## What this task involves
In the records below, begin at the line containing "assert (Hu2 : m / 2 <= Cmod u)." and end at the line containing "assert (Hb : Cmod"; quote every line in that span exactly, including both boundary lines, and no others.

## Exercise data
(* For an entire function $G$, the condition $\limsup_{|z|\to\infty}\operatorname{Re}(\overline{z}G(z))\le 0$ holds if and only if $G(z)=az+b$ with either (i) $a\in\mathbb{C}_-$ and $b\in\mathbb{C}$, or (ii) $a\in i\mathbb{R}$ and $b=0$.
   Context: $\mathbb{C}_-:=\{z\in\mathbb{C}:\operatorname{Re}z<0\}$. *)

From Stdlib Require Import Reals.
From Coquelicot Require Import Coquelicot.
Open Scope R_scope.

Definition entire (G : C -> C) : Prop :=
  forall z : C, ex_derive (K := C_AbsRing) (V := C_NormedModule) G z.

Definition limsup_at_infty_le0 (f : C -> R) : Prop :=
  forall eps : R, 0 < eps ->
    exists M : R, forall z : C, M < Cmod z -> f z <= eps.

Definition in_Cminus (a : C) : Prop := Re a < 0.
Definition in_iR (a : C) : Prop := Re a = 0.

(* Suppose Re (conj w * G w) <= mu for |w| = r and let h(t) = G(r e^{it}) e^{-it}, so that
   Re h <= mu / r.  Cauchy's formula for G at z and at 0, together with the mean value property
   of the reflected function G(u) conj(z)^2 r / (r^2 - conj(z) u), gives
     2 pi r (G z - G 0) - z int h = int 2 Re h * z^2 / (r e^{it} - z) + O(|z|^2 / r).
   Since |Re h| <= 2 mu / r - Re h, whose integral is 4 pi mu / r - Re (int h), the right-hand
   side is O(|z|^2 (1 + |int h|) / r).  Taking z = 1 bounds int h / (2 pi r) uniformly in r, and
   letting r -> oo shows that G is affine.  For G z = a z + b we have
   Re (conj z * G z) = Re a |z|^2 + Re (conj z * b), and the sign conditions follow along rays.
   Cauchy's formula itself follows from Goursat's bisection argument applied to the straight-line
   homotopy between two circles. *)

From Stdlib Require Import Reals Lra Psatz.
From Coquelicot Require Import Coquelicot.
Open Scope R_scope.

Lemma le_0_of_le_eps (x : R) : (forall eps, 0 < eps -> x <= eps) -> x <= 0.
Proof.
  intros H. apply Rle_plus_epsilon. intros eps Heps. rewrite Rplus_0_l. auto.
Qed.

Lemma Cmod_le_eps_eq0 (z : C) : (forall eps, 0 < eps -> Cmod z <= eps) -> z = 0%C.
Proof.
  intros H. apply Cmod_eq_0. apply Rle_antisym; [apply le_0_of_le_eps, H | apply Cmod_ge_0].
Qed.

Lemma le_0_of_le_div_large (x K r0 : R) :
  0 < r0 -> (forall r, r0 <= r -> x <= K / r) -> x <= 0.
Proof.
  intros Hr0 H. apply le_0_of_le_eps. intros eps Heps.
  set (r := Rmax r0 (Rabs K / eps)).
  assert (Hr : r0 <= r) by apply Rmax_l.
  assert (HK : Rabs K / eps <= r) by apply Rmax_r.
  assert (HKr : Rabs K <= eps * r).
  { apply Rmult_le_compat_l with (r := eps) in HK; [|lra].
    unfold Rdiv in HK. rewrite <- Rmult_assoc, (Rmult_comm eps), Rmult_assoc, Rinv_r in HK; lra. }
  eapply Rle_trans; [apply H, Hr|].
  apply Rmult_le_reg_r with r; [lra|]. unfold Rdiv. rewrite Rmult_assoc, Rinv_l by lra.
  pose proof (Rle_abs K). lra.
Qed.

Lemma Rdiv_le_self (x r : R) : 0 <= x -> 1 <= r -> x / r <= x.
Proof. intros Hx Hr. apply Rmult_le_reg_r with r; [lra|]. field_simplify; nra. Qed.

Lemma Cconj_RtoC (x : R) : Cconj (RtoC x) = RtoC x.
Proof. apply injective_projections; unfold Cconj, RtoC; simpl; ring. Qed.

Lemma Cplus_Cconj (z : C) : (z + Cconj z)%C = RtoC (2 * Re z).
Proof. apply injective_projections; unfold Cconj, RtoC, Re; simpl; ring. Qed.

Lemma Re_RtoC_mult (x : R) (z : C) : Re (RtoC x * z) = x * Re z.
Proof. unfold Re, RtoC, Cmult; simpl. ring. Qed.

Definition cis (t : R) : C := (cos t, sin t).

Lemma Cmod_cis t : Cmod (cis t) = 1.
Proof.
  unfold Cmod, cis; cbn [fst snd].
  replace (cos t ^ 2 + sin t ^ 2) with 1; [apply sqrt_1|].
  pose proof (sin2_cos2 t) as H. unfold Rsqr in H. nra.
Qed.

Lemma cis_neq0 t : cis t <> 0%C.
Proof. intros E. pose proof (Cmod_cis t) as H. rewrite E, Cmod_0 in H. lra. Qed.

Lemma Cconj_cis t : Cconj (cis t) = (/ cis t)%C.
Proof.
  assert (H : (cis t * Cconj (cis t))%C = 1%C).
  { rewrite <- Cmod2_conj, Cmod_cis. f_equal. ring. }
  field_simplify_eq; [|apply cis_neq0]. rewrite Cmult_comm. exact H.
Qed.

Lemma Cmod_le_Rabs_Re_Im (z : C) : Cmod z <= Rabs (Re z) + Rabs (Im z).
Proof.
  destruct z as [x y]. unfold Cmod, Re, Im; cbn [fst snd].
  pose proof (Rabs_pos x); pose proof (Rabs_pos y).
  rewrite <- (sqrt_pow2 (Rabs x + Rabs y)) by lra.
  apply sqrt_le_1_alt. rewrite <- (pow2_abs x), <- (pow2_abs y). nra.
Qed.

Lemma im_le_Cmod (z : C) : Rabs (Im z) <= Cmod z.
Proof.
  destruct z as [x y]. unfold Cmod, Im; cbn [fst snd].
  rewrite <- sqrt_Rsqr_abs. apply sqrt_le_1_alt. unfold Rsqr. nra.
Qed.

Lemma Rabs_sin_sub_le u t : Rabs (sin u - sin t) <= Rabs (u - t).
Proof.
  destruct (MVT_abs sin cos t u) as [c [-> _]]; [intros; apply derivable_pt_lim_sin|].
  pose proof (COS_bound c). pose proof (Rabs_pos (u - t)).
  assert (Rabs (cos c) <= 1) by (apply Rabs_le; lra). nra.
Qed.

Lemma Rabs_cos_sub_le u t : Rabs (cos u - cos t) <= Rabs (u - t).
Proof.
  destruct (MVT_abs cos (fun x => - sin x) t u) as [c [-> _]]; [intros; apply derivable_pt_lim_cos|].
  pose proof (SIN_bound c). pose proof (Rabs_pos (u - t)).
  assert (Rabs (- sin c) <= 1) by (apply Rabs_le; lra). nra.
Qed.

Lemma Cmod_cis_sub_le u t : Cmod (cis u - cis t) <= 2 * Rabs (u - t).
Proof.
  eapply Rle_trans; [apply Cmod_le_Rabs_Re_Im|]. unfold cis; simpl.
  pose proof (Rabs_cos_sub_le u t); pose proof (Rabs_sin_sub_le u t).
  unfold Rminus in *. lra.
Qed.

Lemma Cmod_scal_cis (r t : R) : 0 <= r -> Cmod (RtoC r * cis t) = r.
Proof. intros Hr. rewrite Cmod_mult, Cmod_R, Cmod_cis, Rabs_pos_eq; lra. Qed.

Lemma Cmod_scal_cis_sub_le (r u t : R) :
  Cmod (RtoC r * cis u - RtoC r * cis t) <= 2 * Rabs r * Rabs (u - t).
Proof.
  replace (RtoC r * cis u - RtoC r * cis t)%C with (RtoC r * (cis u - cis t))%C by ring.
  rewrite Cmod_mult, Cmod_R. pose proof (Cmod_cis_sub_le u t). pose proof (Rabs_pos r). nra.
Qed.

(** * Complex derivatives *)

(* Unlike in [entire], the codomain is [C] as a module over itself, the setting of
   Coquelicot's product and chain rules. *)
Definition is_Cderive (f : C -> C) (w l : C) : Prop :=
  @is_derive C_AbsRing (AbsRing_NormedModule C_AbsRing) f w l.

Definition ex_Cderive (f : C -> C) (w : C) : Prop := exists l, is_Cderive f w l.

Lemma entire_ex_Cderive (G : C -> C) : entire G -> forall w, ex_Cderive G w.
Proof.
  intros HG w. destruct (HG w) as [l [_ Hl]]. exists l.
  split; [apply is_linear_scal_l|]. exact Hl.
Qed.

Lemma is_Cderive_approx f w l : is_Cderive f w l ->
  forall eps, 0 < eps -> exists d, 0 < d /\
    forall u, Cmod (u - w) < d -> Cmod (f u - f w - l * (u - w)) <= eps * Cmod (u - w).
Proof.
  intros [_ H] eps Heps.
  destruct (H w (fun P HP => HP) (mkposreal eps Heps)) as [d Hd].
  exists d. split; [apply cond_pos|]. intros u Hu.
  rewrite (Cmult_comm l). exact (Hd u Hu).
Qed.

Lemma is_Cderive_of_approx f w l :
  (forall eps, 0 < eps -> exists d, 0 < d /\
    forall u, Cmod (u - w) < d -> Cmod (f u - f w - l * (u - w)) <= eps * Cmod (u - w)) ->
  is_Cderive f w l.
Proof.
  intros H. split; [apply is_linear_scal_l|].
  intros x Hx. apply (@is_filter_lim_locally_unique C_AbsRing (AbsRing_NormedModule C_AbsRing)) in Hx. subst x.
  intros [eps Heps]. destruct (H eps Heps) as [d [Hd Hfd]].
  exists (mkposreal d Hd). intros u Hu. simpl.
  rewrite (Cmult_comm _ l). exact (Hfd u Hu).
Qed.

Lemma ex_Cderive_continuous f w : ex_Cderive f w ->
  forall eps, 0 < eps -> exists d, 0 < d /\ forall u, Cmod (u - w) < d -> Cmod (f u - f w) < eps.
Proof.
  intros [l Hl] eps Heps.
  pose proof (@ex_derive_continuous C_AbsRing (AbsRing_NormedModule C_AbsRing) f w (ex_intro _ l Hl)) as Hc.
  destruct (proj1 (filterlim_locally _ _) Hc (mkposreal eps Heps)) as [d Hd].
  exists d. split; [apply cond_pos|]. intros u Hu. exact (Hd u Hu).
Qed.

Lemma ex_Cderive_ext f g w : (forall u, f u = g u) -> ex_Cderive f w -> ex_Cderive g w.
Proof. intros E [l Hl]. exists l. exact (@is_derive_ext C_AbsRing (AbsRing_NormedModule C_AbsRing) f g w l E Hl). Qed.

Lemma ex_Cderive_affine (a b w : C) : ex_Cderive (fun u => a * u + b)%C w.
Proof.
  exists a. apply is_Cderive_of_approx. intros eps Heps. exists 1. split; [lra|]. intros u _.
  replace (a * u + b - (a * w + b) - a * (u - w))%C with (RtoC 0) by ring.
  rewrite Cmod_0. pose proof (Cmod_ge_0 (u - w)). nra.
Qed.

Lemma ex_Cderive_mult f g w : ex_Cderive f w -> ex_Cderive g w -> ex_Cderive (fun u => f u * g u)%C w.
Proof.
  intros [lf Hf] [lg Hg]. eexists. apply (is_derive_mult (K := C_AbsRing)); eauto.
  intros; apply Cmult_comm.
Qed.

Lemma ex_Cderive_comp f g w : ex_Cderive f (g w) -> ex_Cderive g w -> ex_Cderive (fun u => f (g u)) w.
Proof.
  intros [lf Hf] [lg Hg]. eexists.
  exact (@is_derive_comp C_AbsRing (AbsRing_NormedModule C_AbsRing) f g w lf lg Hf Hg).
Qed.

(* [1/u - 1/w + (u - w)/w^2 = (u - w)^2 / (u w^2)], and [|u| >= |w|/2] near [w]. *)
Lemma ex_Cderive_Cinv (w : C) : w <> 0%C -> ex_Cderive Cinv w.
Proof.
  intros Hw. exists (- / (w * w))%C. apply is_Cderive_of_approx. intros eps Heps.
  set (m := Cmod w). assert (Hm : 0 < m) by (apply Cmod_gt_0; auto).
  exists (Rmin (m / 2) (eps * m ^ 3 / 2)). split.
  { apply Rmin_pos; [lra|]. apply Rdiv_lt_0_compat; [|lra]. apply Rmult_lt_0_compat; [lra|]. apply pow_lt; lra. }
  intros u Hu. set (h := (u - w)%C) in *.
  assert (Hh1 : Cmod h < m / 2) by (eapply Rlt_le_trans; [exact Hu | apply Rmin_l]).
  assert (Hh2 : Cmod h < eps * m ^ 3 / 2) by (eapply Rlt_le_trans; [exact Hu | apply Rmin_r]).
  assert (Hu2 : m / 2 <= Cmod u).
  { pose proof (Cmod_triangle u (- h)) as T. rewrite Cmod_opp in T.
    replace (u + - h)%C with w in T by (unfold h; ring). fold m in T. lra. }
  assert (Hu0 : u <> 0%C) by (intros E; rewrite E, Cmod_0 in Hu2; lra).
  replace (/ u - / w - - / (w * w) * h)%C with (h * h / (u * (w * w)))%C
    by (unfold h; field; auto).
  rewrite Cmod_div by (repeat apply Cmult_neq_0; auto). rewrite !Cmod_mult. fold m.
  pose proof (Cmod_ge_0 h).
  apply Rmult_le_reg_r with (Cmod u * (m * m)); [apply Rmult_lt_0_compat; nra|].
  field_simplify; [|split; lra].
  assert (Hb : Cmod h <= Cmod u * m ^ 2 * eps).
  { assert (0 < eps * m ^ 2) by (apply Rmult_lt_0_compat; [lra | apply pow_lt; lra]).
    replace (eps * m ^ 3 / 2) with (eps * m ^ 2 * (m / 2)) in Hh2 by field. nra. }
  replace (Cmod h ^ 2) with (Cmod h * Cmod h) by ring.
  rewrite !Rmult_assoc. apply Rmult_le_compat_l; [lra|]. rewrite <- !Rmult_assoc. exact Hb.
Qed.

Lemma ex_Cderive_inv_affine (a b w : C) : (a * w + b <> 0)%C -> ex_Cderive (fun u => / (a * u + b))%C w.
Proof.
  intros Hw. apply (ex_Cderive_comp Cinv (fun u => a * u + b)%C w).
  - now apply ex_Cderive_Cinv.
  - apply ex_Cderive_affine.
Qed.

## Output for this task
  assert (Hu2 : m / 2 <= Cmod u).
  { pose proof (Cmod_triangle u (- h)) as T. rewrite Cmod_opp in T.
    replace (u + - h)%C with w in T by (unfold h; ring). fold m in T. lra. }
  assert (Hu0 : u <> 0%C) by (intros E; rewrite E, Cmod_0 in Hu2; lra).
  replace (/ u - / w - - / (w * w) * h)%C with (h * h / (u * (w * w)))%C
    by (unfold h; field; auto).
  rewrite Cmod_div by (repeat apply Cmult_neq_0; auto). rewrite !Cmod_mult. fold m.
  pose proof (Cmod_ge_0 h).
  apply Rmult_le_reg_r with (Cmod u * (m * m)); [apply Rmult_lt_0_compat; nra|].
  field_simplify; [|split; lra].
  assert (Hb : Cmod h <= Cmod u * m ^ 2 * eps).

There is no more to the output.